____ SUPPLIED INFORMATION

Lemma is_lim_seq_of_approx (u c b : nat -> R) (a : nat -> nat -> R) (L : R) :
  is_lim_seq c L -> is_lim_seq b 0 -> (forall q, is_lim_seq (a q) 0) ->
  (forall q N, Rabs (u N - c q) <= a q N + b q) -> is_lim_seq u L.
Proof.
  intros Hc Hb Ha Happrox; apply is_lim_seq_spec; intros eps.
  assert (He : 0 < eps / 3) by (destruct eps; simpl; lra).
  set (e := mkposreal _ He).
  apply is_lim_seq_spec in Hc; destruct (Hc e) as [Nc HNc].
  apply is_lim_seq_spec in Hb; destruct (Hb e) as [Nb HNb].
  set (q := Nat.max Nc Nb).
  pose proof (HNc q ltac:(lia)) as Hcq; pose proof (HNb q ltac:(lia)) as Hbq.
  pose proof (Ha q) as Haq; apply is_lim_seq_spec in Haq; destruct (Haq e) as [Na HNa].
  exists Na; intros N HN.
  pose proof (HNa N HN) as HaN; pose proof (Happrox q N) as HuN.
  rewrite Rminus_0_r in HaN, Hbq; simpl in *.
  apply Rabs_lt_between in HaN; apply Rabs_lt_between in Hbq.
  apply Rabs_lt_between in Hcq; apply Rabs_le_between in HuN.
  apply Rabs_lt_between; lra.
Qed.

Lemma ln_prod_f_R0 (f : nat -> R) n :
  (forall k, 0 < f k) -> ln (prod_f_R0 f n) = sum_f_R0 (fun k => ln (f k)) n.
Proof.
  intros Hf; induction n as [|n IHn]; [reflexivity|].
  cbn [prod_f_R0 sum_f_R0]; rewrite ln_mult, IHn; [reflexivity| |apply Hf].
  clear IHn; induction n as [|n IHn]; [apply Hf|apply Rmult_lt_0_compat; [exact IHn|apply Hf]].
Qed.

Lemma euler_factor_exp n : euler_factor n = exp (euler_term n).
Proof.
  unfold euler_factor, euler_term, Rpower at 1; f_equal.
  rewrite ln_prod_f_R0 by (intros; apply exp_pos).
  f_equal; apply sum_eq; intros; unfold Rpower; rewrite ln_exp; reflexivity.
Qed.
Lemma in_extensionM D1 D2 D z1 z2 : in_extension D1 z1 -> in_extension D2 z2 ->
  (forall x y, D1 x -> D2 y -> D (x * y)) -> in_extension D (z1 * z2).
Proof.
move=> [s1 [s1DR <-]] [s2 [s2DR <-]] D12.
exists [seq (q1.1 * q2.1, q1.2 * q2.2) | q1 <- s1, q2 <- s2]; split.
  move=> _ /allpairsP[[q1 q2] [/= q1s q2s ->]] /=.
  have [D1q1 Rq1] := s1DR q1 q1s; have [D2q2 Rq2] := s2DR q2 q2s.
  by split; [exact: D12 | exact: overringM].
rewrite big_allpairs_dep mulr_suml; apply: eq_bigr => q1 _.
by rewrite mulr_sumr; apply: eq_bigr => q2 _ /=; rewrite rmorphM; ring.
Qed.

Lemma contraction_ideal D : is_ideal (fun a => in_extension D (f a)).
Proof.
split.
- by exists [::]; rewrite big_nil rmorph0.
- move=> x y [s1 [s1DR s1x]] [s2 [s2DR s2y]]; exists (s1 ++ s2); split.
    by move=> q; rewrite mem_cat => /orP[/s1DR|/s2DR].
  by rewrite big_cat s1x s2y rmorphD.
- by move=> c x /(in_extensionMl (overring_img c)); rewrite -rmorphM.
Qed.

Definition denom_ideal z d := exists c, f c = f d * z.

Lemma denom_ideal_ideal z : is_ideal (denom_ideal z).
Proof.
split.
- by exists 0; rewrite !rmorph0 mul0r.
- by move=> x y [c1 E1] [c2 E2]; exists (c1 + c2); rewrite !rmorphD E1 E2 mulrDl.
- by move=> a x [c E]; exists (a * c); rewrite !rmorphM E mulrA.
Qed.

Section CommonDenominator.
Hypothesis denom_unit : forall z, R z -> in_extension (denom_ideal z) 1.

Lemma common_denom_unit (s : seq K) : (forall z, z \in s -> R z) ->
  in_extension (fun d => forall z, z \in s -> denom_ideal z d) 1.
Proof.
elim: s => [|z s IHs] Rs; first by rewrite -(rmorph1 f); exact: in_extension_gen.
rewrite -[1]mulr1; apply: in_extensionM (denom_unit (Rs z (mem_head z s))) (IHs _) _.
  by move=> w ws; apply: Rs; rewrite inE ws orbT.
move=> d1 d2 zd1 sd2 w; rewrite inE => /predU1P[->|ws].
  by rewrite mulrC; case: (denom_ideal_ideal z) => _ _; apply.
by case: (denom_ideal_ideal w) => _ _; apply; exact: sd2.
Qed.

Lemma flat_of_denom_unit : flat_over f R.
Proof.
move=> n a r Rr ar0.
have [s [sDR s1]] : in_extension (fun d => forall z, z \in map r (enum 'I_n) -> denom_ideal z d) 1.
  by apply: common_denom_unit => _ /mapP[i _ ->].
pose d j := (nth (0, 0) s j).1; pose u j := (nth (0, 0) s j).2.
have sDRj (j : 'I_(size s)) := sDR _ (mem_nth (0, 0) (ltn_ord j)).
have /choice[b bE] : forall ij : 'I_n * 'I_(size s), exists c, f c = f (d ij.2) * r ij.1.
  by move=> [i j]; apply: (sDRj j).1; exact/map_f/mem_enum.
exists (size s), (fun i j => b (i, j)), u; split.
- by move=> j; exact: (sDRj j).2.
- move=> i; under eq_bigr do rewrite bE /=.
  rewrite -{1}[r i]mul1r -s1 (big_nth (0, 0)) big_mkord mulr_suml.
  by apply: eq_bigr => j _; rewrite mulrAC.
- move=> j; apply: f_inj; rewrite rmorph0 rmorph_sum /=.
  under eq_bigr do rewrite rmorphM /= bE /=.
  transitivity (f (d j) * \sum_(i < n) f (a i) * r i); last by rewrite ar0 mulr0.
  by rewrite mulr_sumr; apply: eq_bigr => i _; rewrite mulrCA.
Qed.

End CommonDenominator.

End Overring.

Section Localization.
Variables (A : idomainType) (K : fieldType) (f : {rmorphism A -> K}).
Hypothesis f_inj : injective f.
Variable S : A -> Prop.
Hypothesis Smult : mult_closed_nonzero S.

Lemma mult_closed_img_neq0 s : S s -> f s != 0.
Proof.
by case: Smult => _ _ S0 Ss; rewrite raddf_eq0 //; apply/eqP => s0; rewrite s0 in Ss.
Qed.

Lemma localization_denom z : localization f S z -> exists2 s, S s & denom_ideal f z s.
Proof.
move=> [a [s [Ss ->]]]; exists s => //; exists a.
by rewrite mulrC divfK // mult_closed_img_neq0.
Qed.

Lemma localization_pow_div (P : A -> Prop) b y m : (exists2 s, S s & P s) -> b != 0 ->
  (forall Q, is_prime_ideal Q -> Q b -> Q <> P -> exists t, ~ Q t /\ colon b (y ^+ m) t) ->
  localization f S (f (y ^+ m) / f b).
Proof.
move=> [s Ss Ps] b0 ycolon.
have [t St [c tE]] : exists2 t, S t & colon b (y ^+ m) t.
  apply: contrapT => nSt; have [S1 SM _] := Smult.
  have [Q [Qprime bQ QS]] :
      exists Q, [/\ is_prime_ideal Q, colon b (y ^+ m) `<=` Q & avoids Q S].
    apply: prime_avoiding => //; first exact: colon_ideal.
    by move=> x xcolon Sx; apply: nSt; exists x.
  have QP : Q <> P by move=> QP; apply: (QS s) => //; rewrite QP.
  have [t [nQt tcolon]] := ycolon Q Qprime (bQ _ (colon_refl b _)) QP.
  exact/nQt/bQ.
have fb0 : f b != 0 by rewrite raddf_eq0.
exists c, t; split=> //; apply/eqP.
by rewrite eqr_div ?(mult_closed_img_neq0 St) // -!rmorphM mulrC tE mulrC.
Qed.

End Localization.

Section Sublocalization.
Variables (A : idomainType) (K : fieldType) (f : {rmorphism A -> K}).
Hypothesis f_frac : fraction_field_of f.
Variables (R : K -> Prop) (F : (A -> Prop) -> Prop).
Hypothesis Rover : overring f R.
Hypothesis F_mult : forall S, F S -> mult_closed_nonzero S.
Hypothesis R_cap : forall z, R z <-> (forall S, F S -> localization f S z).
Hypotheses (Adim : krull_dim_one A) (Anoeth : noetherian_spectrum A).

________

EXERCISE BRIEF:
Produce only the lines from the line containing "is_lim_seq c L" through the line containing "apply is_lim_seq_spec in Hc;", inclusive of both, exactly as they stand in the entries above.

OUTPUT OF THE TASK:
  is_lim_seq c L -> is_lim_seq b 0 -> (forall q, is_lim_seq (a q) 0) ->
  (forall q N, Rabs (u N - c q) <= a q N + b q) -> is_lim_seq u L.
Proof.
  intros Hc Hb Ha Happrox; apply is_lim_seq_spec; intros eps.
  assert (He : 0 < eps / 3) by (destruct eps; simpl; lra).
  set (e := mkposreal _ He).
  apply is_lim_seq_spec in Hc; destruct (Hc e) as [Nc HNc].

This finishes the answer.